The Adaptive Parking approach to municipal parking policy

Adaptive Parking is a package of parking reform agendas which complement and reinforce each other, bringing together various ways that cities can do better on parking.

Adaptive Parking aims to be the answer to this question: How can my city defuse real parking problems without making car dependence worse, while fostering liveable cities, while reaping more value for the community from the space now used for parking and while gaining enough public support? 

You can either listen to the podcast episode (use a podcast app or the player below) or read the article.

Adaptive Parking in Brief

I like to use an acronym as a mnemonic – a memory aid. RESPOn(D) summarizes the policy reform thrusts to further Adaptive Parking.

R:            Relax about parking supply and stop boosting it.
E:            Engage with key stakeholders to ease their fears and offer value.
S:            Share parking more. In fact, aim to make most of it open to the public.
P:            Price parking in the right ways and with the right rates for each place and time.
On:         On-street control. On-street parking needs strong design and enforcement.
D:            Discourage (or Demand management). Limit parking supply in certain contexts.

Read on for much more detail about each of these agendas and how they work together.


The goals of Adaptive Parking

What are we trying to achieve with this set of agendas?

1. Adaptive Parking has to really succeed at defusing parking problems such as spillover and parking conflict. The other goals are not at the expense of failing on the parking basics.

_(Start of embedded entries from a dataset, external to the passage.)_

(* Let $n\ge1$, with notation as in the context. Then for $0\le l\le k,k_1\le n-1$, $$\sum_{i=1}^n f_{kl}(\alpha_i)f_{k_1l}(\alpha_i)T_1(\alpha_i)\cdots T_l(\alpha_i)=\delta_{k,k_1}c_{kl},$$ and for $0\le l\le n-1$ and all $i,j\in\{l+1,\dots,n\}$, $$\sum_{k=l}^{n-1}\frac{1}{c_{kl}}f_{kl}(\alpha_i)f_{kl}(\alpha_j)T_1(\alpha_i)\cdots T_l(\alpha_i)=\delta_{ij}.$$
   Context: Principal embedding of $\mathfrak{sl}(2)$ in $\mathfrak{gl}(n)$: $Y=\sum_{i=1}^{n-1}E_{i+1,i}$, $H=\sum_{i=1}^n(n-2i+1)E_{ii}$, $X=\sum_{i=1}^{n-1}i(n-i)E_{i,i+1}$. $\alpha_i=n-2i+1$, $T_i(H)=\frac14(n^2-(H+2i-1)^2)$; for a polynomial $f$, $f(H)=\mathrm{diag}(f(\alpha_1),\dots,f(\alpha_n))$. For $0\le l\le k\le n-1$, $f_{kl}$ is the unique polynomial of degree $<n-l$ with $(\mathrm{ad}\,Y)^{k-l}(X^k)=X^lf_{kl}(H)$. Empty products of $T$'s equal $1$. $c_{kl}=\dfrac{(k-l)!\,(k!)^2}{(k+l)!\,(2k+1)}\,n(n^2-1^2)\cdots(n^2-k^2)$. *)

From HB Require Import structures.
From mathcomp Require Import all_boot all_order all_algebra.
Set Implicit Arguments. Unset Strict Implicit. Unset Printing Implicit Defensive.
Import Order.TTheory GRing.Theory Num.Theory.
Local Open Scope ring_scope.

Section Principal.
Variables (R : numFieldType) (n : nat).
Lemma inv_pair_mid A B p c c' q : c' < c -> c < k -> q < k ^ B ->
  inv_pair (A.+1 + B) (pos B p c q) (pos B p.+1 c' q).
Proof.
move=> lt_c' lt_c lt_q; apply/andP; split.
  by apply: pos_ltn; rewrite mulSn; lia.
rewrite !rev_digits_pos ?(ltn_trans lt_c') // ltn_add2r.
have lt_rp := rev_digits_lt A p.+1.
have : k ^ A * c'.+1 <= k ^ A * c by rewrite leq_mul2l lt_c' orbT.
rewrite mulnS; move: (k ^ A * c') (k ^ A * c) (k ^ A) (rev A p.+1) (rev A p) lt_rp.
by move=> a b K r r'; lia.
Qed.

Lemma inv_pair_low A B p c c' q : c < c' -> c' < k -> 0 < q -> q < k ^ B ->
  inv_pair (A.+1 + B) (pos B p c q) (pos B p c' q.-1).
Proof.
move=> lt_cc' lt_c' q_gt0 lt_q; apply/andP; split; first by rewrite pos_ltn // ltn_add2l.
rewrite !rev_digits_pos ?(ltn_trans lt_cc') ?(leq_ltn_trans (leq_pred q)) //.
have lt_c'k : k ^ A * c' < k ^ A.+1 by rewrite expnSr ltn_pmul2l ?expk_gt0.
have -> : k ^ A.+1 * q = k ^ A.+1 * q.-1 + k ^ A.+1 by rewrite -mulnSr prednK.
have := rev_digits_lt A p.
move: (k ^ A * c') (k ^ A * c) (k ^ A.+1) (k ^ A.+1 * q.-1) (rev A p) lt_c'k.
by move=> a b K z r; lia.
Qed.

Lemma dec_subseq_of_chain l xs :
  sorted (inv_pair l) xs -> all (gtn (k ^ l)) xs ->
  is_dec_subseq [seq (rev l x).+1 | x <- xs] (Zperm k l).
Proof.
move=> inv_xs lt_xs; apply/andP; split.
  apply/map_subseq/(sorted_subset_subseq ltn_trans ltnn _ (iota_ltn_sorted 0 _)).
    by apply: sub_sorted inv_xs => x y /andP [].
  by move=> x x_in; rewrite mem_iota /=; apply: (allP lt_xs).
by rewrite sorted_map; apply: sub_sorted inv_xs => x y /andP [].
Qed.

Section Chains.
Hypothesis k_gt1 : 1 < k.

Lemma rev_digits_carry A p : p %% k = k.-1 -> rev A.+1 p.+1 < rev A.+1 p.
Proof.
move=> p_mod.
have p1_mod : p.+1 %% k = 0 by rewrite -addn1 -modnDml p_mod addn1 prednK // modnn.
rewrite !rev_digitsS p1_mod muln0 addn0 p_mod (leq_trans (rev_digits_lt _ _)) //.
by rewrite (leq_trans _ (leq_addl _ _)) // leq_pmulr // -ltnS prednK.
Qed.

Lemma inv_pair_carry A B p c q : p %% k = k.-1 -> c < k -> q < k ^ B ->
  inv_pair (A.+2 + B) (pos B p c q) (pos B p.+1 c q).
Proof.
move=> p_mod lt_c lt_q; apply/andP; split.
  by apply: pos_ltn; rewrite mulSn; lia.
by rewrite !rev_digits_pos // -!addnA ltn_add2r rev_digits_carry.
Qed.

(* Blocks [(j, 1, K-1-j), (j+1, 0, K-1-j)] of coordinates [(p, c, q)], with
   [K = k ^ m]; the last block is cut after its first element. *)
Lemma dec_subseq_odd_witness m :
  exists t, is_dec_subseq t (Zperm k (m.+1 + m)) /\ size t = k ^ m + k ^ m - 1.
Proof.
set K := k ^ m; have K_gt0 : 0 < K := expk_gt0 m.
pose G j i := if i == 0 then pos m j 1 (K.-1 - j) else pos m j.+1 0 (K.-1 - j).
exists [seq (rev (m.+1 + m) x).+1 | x <- mkseq (fun t => G (t %/ 2) (t %% 2)) (K + K - 1)].
rewrite size_map size_mkseq; split => //; apply: dec_subseq_of_chain.
  apply: sorted_mkseq_blocks => // [j i lt_i2 _ | j lt_jN].
    have -> : i = 0 by lia.
    by apply: inv_pair_mid => //; lia.
  rewrite /G /= subnS; apply: inv_pair_low => //; lia.
apply/allP => y /mapP [t + ->]; rewrite mem_iota /= => lt_tN.
by rewrite /G; case: eqP => t_mod; apply: pos_lt; lia.
Qed.

(* Blocks [(k j + i, k-1-i, K-1-j)] for [i < k], followed by
   [(k j + k-1, k-1, K-2-j)], with [K = k ^ B]; the last block is cut before
   its last element. Passing to the next block is a carry in [p]. *)
Lemma dec_subseq_even_witness B :
  exists t, is_dec_subseq t (Zperm k (B.+2 + B)) /\ size t = k ^ B.+1 + k ^ B - 1.
Proof.
set K := k ^ B; have K_gt0 : 0 < K := expk_gt0 B.
pose G j i := if i < k then pos B (k * j + i) (k.-1 - i) (K.-1 - j)
              else pos B (k * j + k.-1) k.-1 (K.-1 - j).-1.
exists [seq (rev (B.+2 + B) x).+1 |
        x <- mkseq (fun t => G (t %/ k.+1) (t %% k.+1)) (K * k.+1 - 1)].
rewrite size_map size_mkseq; split; last by rewrite expnSr mulnSr.
apply: dec_subseq_of_chain.
  apply: sorted_mkseq_blocks => // [j i lt_ik1 lt_N | j lt_N].
    rewrite /G ltnS in lt_ik1 *; rewrite lt_ik1.
    have [lt_i1k | ge_i1k] := ltnP i.+1 k.
      by rewrite addnS; apply: inv_pair_mid => //; lia.
    have e_i : i = k.-1 by lia.
    have lt_j1K : j.+1 < K.
      by apply: (@ltn_block_index _ k.+1 0); move: lt_N; rewrite e_i; lia.
    by rewrite e_i subnn; apply: inv_pair_low; lia.
  have lt_j1K : j.+1 < K by apply: (@ltn_block_index _ k.+1 0); lia.
  rewrite /G /= ltnn k_gt0 addn0 subn0 mulnS subnS.
  have -> : k + k * j = (k * j + k.-1).+1 by lia.
  apply: inv_pair_carry => //; try lia.
  by rewrite mulnC modnMD_small // ltn_predL.
apply/allP => y /mapP [t + ->]; rewrite mem_iota /= => lt_tN.
have lt_j : t %/ k.+1 < K.
  by apply: (@ltn_block_index _ k.+1 (t %% k.+1)); rewrite -divn_eq; lia.
have lt_p i : i < k -> k * (t %/ k.+1) + i < k ^ B.+1.
  by move=> lt_ik; rewrite addnC expnS ltn_addM_digit.
by rewrite /G; case: (ltnP (t %% k.+1) k) => lt_i; apply: pos_lt; rewrite ?lt_p //; lia.
Qed.

Lemma lds_length_split A B :
  B <= A <= B.+1 -> lds_length (Zperm k (A.+1 + B)) (k ^ A + k ^ B - 1).
Proof.
move=> le_BAB; split; last exact: dec_subseq_size_le.
have [->|->] : A = B \/ A = B.+1 by lia.
  exact: dec_subseq_odd_witness.
exact: dec_subseq_even_witness.
Qed.

End Chains.

End RevDigits.

Theorem theorem7p3 (k l : nat) (hk : 2 <= k) (hl : 1 <= l) :
  lds_length (Zperm k l)
    (if ~~ odd l then (k + 1) * k ^ (l./2 - 1) - 1
     else 2 * k ^ ((l - 1)./2) - 1).
Proof.
have k_gt0 : 0 < k by apply: ltnW.
have l_halves := odd_double_half l.
case: ifP => [l_even | /negbFE l_odd].
  set B := l./2 - 1.
  have -> : l = B.+2 + B by move: l_halves; rewrite (negbTE l_even) -addnn; lia.
  rewrite mulnDl mul1n -expnS; apply: lds_length_split => //; lia.
set m := (l - 1)./2.
have -> : l = m.+1 + m.
  by move: l_halves; rewrite /m l_odd -addnn -!divn2; lia.
by rewrite mul2n -addnn; apply: lds_length_split => //; lia.
Qed.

2. Adaptive Parking aims to foster responsible, informed, active parking choice making by all relevant actors. The idea is to make parking supply, prices and demand more responsive to each other. And all should be responsive to changing conditions and to variations from place to place. In other words, Adaptive Parking tries to make market processes work better in local parking. This is the idea behind the name “Adaptive”.

3. Adaptive Parking aims to reap more value from urban space for locals, owners, and for society generally. In particular, reap more value from parking space (including the possibility that it might be more valuable as something else).

4. Adaptive Parking aims to avoid promoting gluts of parking, traffic growth or car dependence, while still delivering success on parking problems (as stated in goal 1). A more positive way to state this goal is that Adaptive Parking aims for parking success while also fostering diverse mobility options and liveable cities.

Adaptive Parking involves a shift in parking mindsets 

Like Donald Shoup’s parking ideas, Adaptive Parking seems wrong-headed if you are used to thinking about parking in the old ways.

The conventional approach sees on-street parking as a public good. It is assumed to somehow be natural that on-street parking be free of charge. Conventional parking thinking sees off-street parking as a necessary on-site service that every building site or destination is duty bound to provide. This is based on the idea that if motorists can’t park on-site at a destination it will cause negative impacts in the area, such as 'spillover parking', and that this is the fault of the building owners for not having enough parking.

To embrace Adaptive Parking you need to change to your parking mindset.

1. Treat on-street parking as part of a commons
Parking is part of an overburdened common property resource (street space). So it is perfectly natural to need to manage it, including rationing it, typically with fees, just like any other overburdened common property resource like an over-fished river.

2. Treat off-street parking as real-estate.
So it is natural for it to be priced with market-prices. It is natural for governments to not worry too much about the supply of parking, since private actors should mostly handle that.

3. Be aware that on-street and off-street parking interact with each other and that both are part of each local parking market.
Policies towards both on-street and off-street parking need to take account of the other. Furthermore, the primary focus of public-sector effort on parking should focus on managing what is within government control, the on-street parking.

Why propose Adaptive Parking? Where did it come from?

One key influence is Professor Donald Shoup’s parking policy research over many decades, which is now finally having a growing influence on parking policy thinking for local governments, especially in North America. Maybe you are reading this because you too are “Shoupista”!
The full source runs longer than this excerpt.